(* (a) Let QHC$^-$ be the calculus with the same language as QHC whose deductive system consists only of classical predicate logic applied to all propositions, intuitionistic predicate logic applied to all problems, the rules $p\,/\,!p$ and $\alpha\,/\,?\alpha$, and the schemas $?!p\to p$, $\alpha\to\, !?\alpha$, $!(p\to q)\to(!p\to !q)$, $?(\alpha\to\beta)\to(?\alpha\to ?\beta)$, $!0\to\bot$. Then the following schemas are derivable in QHC$^-$: $?(\alpha\land\beta)\leftrightarrow ?\alpha\land ?\beta$; $?(\alpha\lor\beta)\leftrightarrow ?\alpha\lor ?\beta$; $?\bot\to 0$; $?\exists x\,\alpha(x)\leftrightarrow\exists x\,?\alpha(x)$; $?\forall x\,\alpha(x)\to\forall x\,?\alpha(x)$. (Hence QHC and QHC$^-$ have the same derivable rules.) (b) In QHC: $!p\land !q\Leftrightarrow\, !(p\land q)$; $!p\lor !q\Rightarrow\, !(p\lor q)$; $\forall x\,!p(x)\Leftrightarrow\, !\forall x\,p(x)$; $\exists x\,!p(x)\Rightarrow\, !\exists x\,p(x)$.
   Context: QHC is a two-sorted first-order calculus. Its only terms are individual variables. Every formula is either a problem (denoted by Greek letters $\alpha,\beta,\gamma,\dots$) or a proposition (denoted by Latin letters $p,q,\dots$). Atomic formulas are proposition variables $p(t_1,\dots,t_n)$ (of proposition type), problem variables $\pi(t_1,\dots,t_n)$ (of problem type), and the constants $0$ (a proposition, classical falsity) and $\bot$ (a problem, intuitionistic absurdity). Propositions are closed under the classical connectives $\land,\lor,\to$ and quantifiers $\exists,\forall$; problems are closed under the intuitionistic connectives $\land,\lor,\to$ and quantifiers $\exists,\forall$ (the same symbols are used, distinguished by the type of the arguments). $\neg p$ abbreviates $p\to 0$, $\neg\alpha$ abbreviates $\alpha\to\bot$, and $\leftrightarrow$ is defined as usual. There are two type-conversion operators: if $p$ is a proposition then $!p$ is a problem, and if $\alpha$ is a problem then $?\alpha$ is a proposition. Deductive system of QHC: all axioms and rules of classical predicate logic applied to all propositions; all postulates and rules of intuitionistic predicate logic applied to all problems; the rules $p\,/\,!p$ and $\alpha\,/\,?\alpha$; and the schemas $?!p\to p$; $\alpha\to\, !?\alpha$; $!(p\to q)\to(!p\to !q)$; $?(\alpha\to\beta)\to(?\alpha\to ?\beta)$; $!0\to\bot$; $?(\alpha\land\beta)\leftrightarrow ?\alpha\land ?\beta$; $?(\alpha\lor\beta)\leftrightarrow ?\alpha\lor ?\beta$; $?\bot\to 0$; $?\exists x\,\alpha(x)\leftrightarrow\exists x\,?\alpha(x)$; $?\forall x\,\alpha(x)\to\forall x\,?\alpha(x)$ (usual variable side conditions implicit). $\vdash A$ means $A$ is derivable in QHC; $A\Rightarrow B$ means $\vdash A\to B$ and $A\Leftrightarrow B$ means $\vdash A\leftrightarrow B$ (with $A,B$ of the same type); $A\vdash B$ means $B$ is derivable in QHC from the premise $A$. Notation: $\Box p := ?!p$ (a proposition) and $\nabla\alpha := !?\alpha$ (a problem). QC and QH denote classical and intuitionistic predicate calculus. *)

From Stdlib Require Import Bool List Arith.
Import ListNotations.

(* Individual variables are natural numbers; the only terms are variables. *)
Definition ivar := nat.

(* Propositions (classical sort) and problems (intuitionistic sort). *)
Inductive prop : Type :=
| PVar  : nat -> list ivar -> prop
| PFalse : prop
| PAnd  : prop -> prop -> prop
| POr   : prop -> prop -> prop
| PImp  : prop -> prop -> prop
| PEx   : ivar -> prop -> prop
| PAll  : ivar -> prop -> prop
| PQ    : prob -> prop                     (* ?alpha *)
with prob : Type :=
| AVar  : nat -> list ivar -> prob
| ABot  : prob
| AAnd  : prob -> prob -> prob
| AOr   : prob -> prob -> prob
| AImp  : prob -> prob -> prob
| AEx   : ivar -> prob -> prob
| AAll  : ivar -> prob -> prob
| AB    : prop -> prob.                    (* !p *)

Definition PNeg (p : prop) : prop := PImp p PFalse.
Definition ANeg (a : prob) : prob := AImp a ABot.
Definition PIff (p q : prop) : prop := PAnd (PImp p q) (PImp q p).
Definition AIff (a b : prob) : prob := AAnd (AImp a b) (AImp b a).

Fixpoint freeP (x : ivar) (p : prop) : bool :=
  match p with
  | PVar _ ts => existsb (Nat.eqb x) ts
  | PFalse => false
  | PAnd p1 p2 | POr p1 p2 | PImp p1 p2 => freeP x p1 || freeP x p2
  | PEx z p1 | PAll z p1 => negb (Nat.eqb x z) && freeP x p1
  | PQ a => freeA x a
  end
with freeA (x : ivar) (a : prob) : bool :=
  match a with
  | AVar _ ts => existsb (Nat.eqb x) ts
  | ABot => false
  | AAnd a1 a2 | AOr a1 a2 | AImp a1 a2 => freeA x a1 || freeA x a2
  | AEx z a1 | AAll z a1 => negb (Nat.eqb x z) && freeA x a1
  | AB p => freeP x p
  end.

Definition substV (x y : ivar) (t : ivar) : ivar := if Nat.eqb t x then y else t.

(* Replace the free occurrences of x by y (no renaming; used only under the
   side condition "y is free for x"). *)
Fixpoint substP (x y : ivar) (p : prop) : prop :=
  match p with
  | PVar i ts => PVar i (map (substV x y) ts)
  | PFalse => PFalse
  | PAnd p1 p2 => PAnd (substP x y p1) (substP x y p2)
  | POr p1 p2 => POr (substP x y p1) (substP x y p2)
  | PImp p1 p2 => PImp (substP x y p1) (substP x y p2)
  | PEx z p1 => if Nat.eqb z x then PEx z p1 else PEx z (substP x y p1)
  | PAll z p1 => if Nat.eqb z x then PAll z p1 else PAll z (substP x y p1)
  | PQ a => PQ (substA x y a)
  end
with substA (x y : ivar) (a : prob) : prob :=
  match a with
  | AVar i ts => AVar i (map (substV x y) ts)
  | ABot => ABot
  | AAnd a1 a2 => AAnd (substA x y a1) (substA x y a2)
  | AOr a1 a2 => AOr (substA x y a1) (substA x y a2)
  | AImp a1 a2 => AImp (substA x y a1) (substA x y a2)
  | AEx z a1 => if Nat.eqb z x then AEx z a1 else AEx z (substA x y a1)
  | AAll z a1 => if Nat.eqb z x then AAll z a1 else AAll z (substA x y a1)
  | AB p => AB (substP x y p)
  end.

Task instructions
From the listing above, output exactly the run of lines that starts with the line containing "From Stdlib Require Import Bool List Arith." and ends with the line containing "Inductive prop : Type".

Task output
From Stdlib Require Import Bool List Arith.
Import ListNotations.

(* Individual variables are natural numbers; the only terms are variables. *)
Definition ivar := nat.

(* Propositions (classical sort) and problems (intuitionistic sort). *)
Inductive prop : Type :=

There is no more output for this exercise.